Después de 28 años, este sacerdote sigue allí. Ha visto cómo las tensiones se reavivan periódicamente, ha conocido los agravios y razones de todas las partes implicadas, pero sobre todo ha visto florecer la presencia cristiana en Tierra Santa. Incluso ahora. «Parece una contradicción, lo sé. Estas semanas muchos de nosotros han perdido de forma violenta a sus seres queridos, sus casas, sus actividades. Los bombardeos ni siquiera han respetado a las iglesias, como la antiquísima de San Porfirio que albergaba a cientos de desplazados. La gente vaga por las calles asustada, aquí no hay refugios anti-misiles, hay cortes de agua y de energía, pero el odio no logra hacer mella en el corazón de los fieles. No sucedió antes y no sucede ahora. Por eso tiene tanto valor la presencia cristiana. Afirmamos una lógica, la lógica de la cruz, que es la única capaz de dar esperanza. Hay que abrazar la cruz, venga como venga».
¿Qué quiere decir? ¿Cómo es posible abrazar el cuerpo frío de un hijo asesinado y perdonar? Las preguntas bullen, con insistencia y nerviosismo. Pero la respuesta es calmada. «El dolor es enorme, y se nos pide atravesarlo, vivirlo. Antes o después, se nos pide a todos. A todos, en cualquier circunstancia. Hasta Jesús estuvo solo en Getsemaní, él también tuvo miedo, lloró y se sintió solo, pero en la Pasión lo ofreció todo por el bien del mundo: “No como yo quiera, sino como tú quieras”. ¡Esa es la revolución! Lo que nos salva no son nuestras lógicas. Para que nuestra fe crezca, para que podamos resistir incluso cuando todo parece oscuro, Dios nos ha ofrecido una amistad. Él nació y vino a esta tierra para compartir: comía con los pescadores, caminaba con la pobre gente, hablaba con los niños. Ofreció una compañía y eso ha generado bien. Dos mil años después, con el mismo método, idéntico, nosotros podemos conocerlo y reconocerlo cuando nos llama para que amemos, perdonemos, sirvamos. No es difícil imaginar con qué facilidad podemos experimentar aquí el odio o el rechazo de ciertas personas. Pero sucede algo que resulta milagroso: no damos espacio al odio sino a Dios. Nosotros, que vivimos en comunión con Él, hacemos todos los días una hora de adoración, nos confesamos, celebramos la santa misa, y de ahí sacamos nuestra fuerza. Así podemos estar siempre al servicio de todos: musulmanes, drusos, hebreos… Siempre que acogemos a alguien en casa, en una iglesia o en un colegio, sabemos que estamos acogiendo a Jesús con su misteriosa presencia. Hoy no es diferente, con más de 700 desplazados. Él nunca deja de venir a nuestro encuentro».

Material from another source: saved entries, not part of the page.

(* For $\xi_1,\xi_2\in\mathbb R$ let $W=\mathrm{diag}\{\xi_1,\dots,\xi_1,0,-\xi_2\}\in\mathbb R^{(d+2)\times(d+2)}$ ($\xi_1$ repeated $d$ times). Then the loss $L(W)$ equals, up to the constant factor $\tfrac12$, $$\mathcal L(\xi_1,\xi_2):=\mathbb E\bigg[\bigg(\frac{\sum_{j=1}^N\exp(\xi_1\langle x_j,x_{N+1}\rangle)y_j}{\sum_{i=1}^N\exp(\xi_1\langle x_i,x_{N+1}\rangle)+\exp(\xi_1-\xi_2)}-y_{i^*}\bigg)^2\bigg],$$ and $\mathcal L$ is not a convex function of $(\xi_1,\xi_2)$.
   Context: Setting: $d,N\ge1$; prompt $x_1,\dots,x_N\in\mathbb R^d$, labels $y_1,\dots,y_N\in\mathbb R$, query $x_{N+1}$. Embedding $h_j=(x_j^\top,y_j,0)^\top$ ($j\le N$), $h_{N+1}=(x_{N+1}^\top,0,1)^\top$. For $W\in\mathbb R^{(d+2)\times(d+2)}$, $\hat y_W(x_{N+1})=\sum_{j=1}^N y_j\exp(h_j^\top Wh_{N+1})/\sum_{j=1}^{N+1}\exp(h_j^\top Wh_{N+1})$. $i^*=\arg\min_{j\in[N]}\|x_{N+1}-x_j\|_2$. Training distribution: $x_1,\dots,x_{N+1}$ i.i.d. uniform on $\mathbb S^{d-1}$; $\mathbb E[y_iy_j\mid x_{1:N}]=0$ ($i\ne j$), $\mathbb E[y_i^2\mid x_{1:N}]=1$, $\mathbb P(y_{1:N}\mid x_{1:N})=\mathbb P(y_{1:N}\mid -x_{1:N})$. Loss $L(W)=\frac12\mathbb E[(\hat y_W(x_{N+1})-y_{i^*})^2]$. *)

From HB Require Import structures.
From mathcomp Require Import all_boot all_order all_algebra.
From mathcomp Require Import all_classical all_reals all_analysis.
Set Implicit Arguments. Unset Strict Implicit. Unset Printing Implicit Defensive.
Import Order.TTheory GRing.Theory Num.Theory.
Local Open Scope classical_set_scope.
Local Open Scope ring_scope.
(* Let $R=K[X_1,\dots,X_d]$ be a polynomial ring over a field $K$ and let $\mathcal{F}_{ij}$ be a monomial ideal of $R$ for each $i=1,\dots,r$ and $j=1,\dots,s$. For $\mathbf{n}\in\mathbb{N}^r$ set $\mathcal{F}_j^{\mathbf{n}}=\mathcal{F}_{1j}^{n_1}\cdots\mathcal{F}_{rj}^{n_r}$. Then $\bigoplus_{\mathbf{n}\in\mathbb{N}^r}\left(\bigcap_{j=1}^s\mathcal{F}_j^{\mathbf{n}}\right)t_1^{n_1}\cdots t_r^{n_r}\subseteq R[t_1,\dots,t_r]$ is an $\mathbb{N}^r$-graded Noetherian $R$-algebra.
   Context: $t_1,\dots,t_r$ are indeterminates over $R$. *)

From HB Require Import structures.
From mathcomp Require Import all_boot all_order all_algebra.
From mathcomp Require Import mpoly.
Set Implicit Arguments. Unset Strict Implicit. Unset Printing Implicit Defensive.
Import GRing.Theory.
Local Open Scope ring_scope.

Section Ideals.
Variable A : comRingType.

Definition is_ideal (I : A -> Prop) : Prop :=
  [/\ I 0, (forall x y, I x -> I y -> I (x + y)) & (forall a x, I x -> I (a * x))].

Definition ideal_span (S : A -> Prop) : A -> Prop :=
  fun f => exists l : seq (A * A),
    (forall p, p \in l -> S p.2) /\ f = \sum_(p <- l) p.1 * p.2.

Definition idealM (I J : A -> Prop) : A -> Prop :=
  ideal_span (fun f => exists a b, [/\ I a, J b & f = a * b]).

Definition idealX (I : A -> Prop) (n : nat) : A -> Prop :=
  iter n (idealM I) (fun _ => True).

Definition ideal_in (S I : A -> Prop) : Prop :=
  [/\ (forall x, I x -> S x), I 0, (forall x y, I x -> I y -> I (x + y))
    & (forall a x, S a -> I x -> I (a * x))].

Definition noetherian_subring (S : A -> Prop) : Prop :=
  forall I : nat -> A -> Prop,
    (forall k, ideal_in S (I k)) ->
    (forall k x, I k x -> I k.+1 x) ->
    exists N, forall k, (N <= k)%N -> forall x, I k x -> I N x.

End Ideals.

Definition monomial_ideal (K : fieldType) (d : nat) (I : {mpoly K[d]} -> Prop) :=
  is_ideal I /\ forall f m, I f -> m \in msupp f -> I 'X_[m].

Definition idealXm (K : fieldType) (d r : nat) (F : 'I_r -> {mpoly K[d]} -> Prop)
  (n : 'X_{1..r}) : {mpoly K[d]} -> Prop :=
  foldr (fun i acc => idealM (idealX (F i) (n i)) acc) (fun _ => True) (enum 'I_r).

(* The multi-Rees algebra  (+)_n (cap_j F_j^n) t^n  inside R[t_1..t_r]
   = {mpoly {mpoly K[d]}[r]} *)
Definition rees_inter (K : fieldType) (d r s : nat)
  (F : 'I_r -> 'I_s -> {mpoly K[d]} -> Prop) : {mpoly {mpoly K[d]}[r]} -> Prop :=
  fun P => forall (n : 'X_{1..r}) (j : 'I_s), idealXm (fun i => F i j) n (P@_n).

Definition R_subalgebra (R : comRingType) (r : nat) (S : {mpoly R[r]} -> Prop) :=
  [/\ forall c : R, S c%:MP,
      (forall P Q, S P -> S Q -> S (P - Q)) &
      (forall P Q, S P -> S Q -> S (P * Q))].

(* S is N^r-graded: it is the direct sum of its homogeneous components R t^n *)
Definition Nr_graded (R : comRingType) (r : nat) (S : {mpoly R[r]} -> Prop) :=
  forall P, S P -> forall n : 'X_{1..r}, S (P@_n *: 'X_[n]).

From HB Require Import structures.
From mathcomp Require Import all_boot all_order all_algebra.
From mathcomp Require Import mpoly.
Local Open Scope ring_scope.

From mathcomp Require Import zify.
From Stdlib Require Import ClassicalEpsilon Classical.
Set Implicit Arguments. Unset Strict Implicit. Unset Printing Implicit Defensive.
Import Order.TTheory GRing.Theory.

«El perdón –sigue diciendo– es algo revolucionario, pero es fruto de una fe arraigada. Si nuestra fe no fuera más que pura emoción, hoy no podríamos perdonar ni esperar, seríamos presa de la desesperación. El dolor es grande, pero nunca he oído a nadie maldecir a Dios. Jamás. Hace unos días una profesora católica de uno de nuestros colegios escribió una carta impresionante. Había perdido a sus padres en un bombardeo en el que ella resultó herida y ahora vive en la parroquia con nosotros. Al final de la carta le pide a Dios que la ilumine, que la ayude a no ceder ante la rabia. Termina diciendo: “Dame tu misericordia. Y gracias”. Da las gracias a Dios. Eso no significa que este sea un pueblo de locos o de resignados. Pedimos soluciones concretas como la apertura de corredores humanitarios y el fin de la guerra, seguimos apoyando con el Papa la solución de “dos pueblos, dos Estados” y que se reconozca un estatus especial para Jerusalén, aunque sabemos que es una propuesta difícilmente realizable de momento. Estamos sufriendo porque amamos mucho. Cuanto más grande es el amor, más grande es el dolor. Pero el calvario no es el final. El consuelo que experimentamos es más fuerte. Porque el calvario nos acerca a la sepultura de Cristo, nos acerca a su Resurrección. Nos sentimos abrazados por Cristo. Como decía el cardenal Pizzaballa, rezamos y ayunamos con vosotros para poder devolver este abrazo que no queremos perder nunca».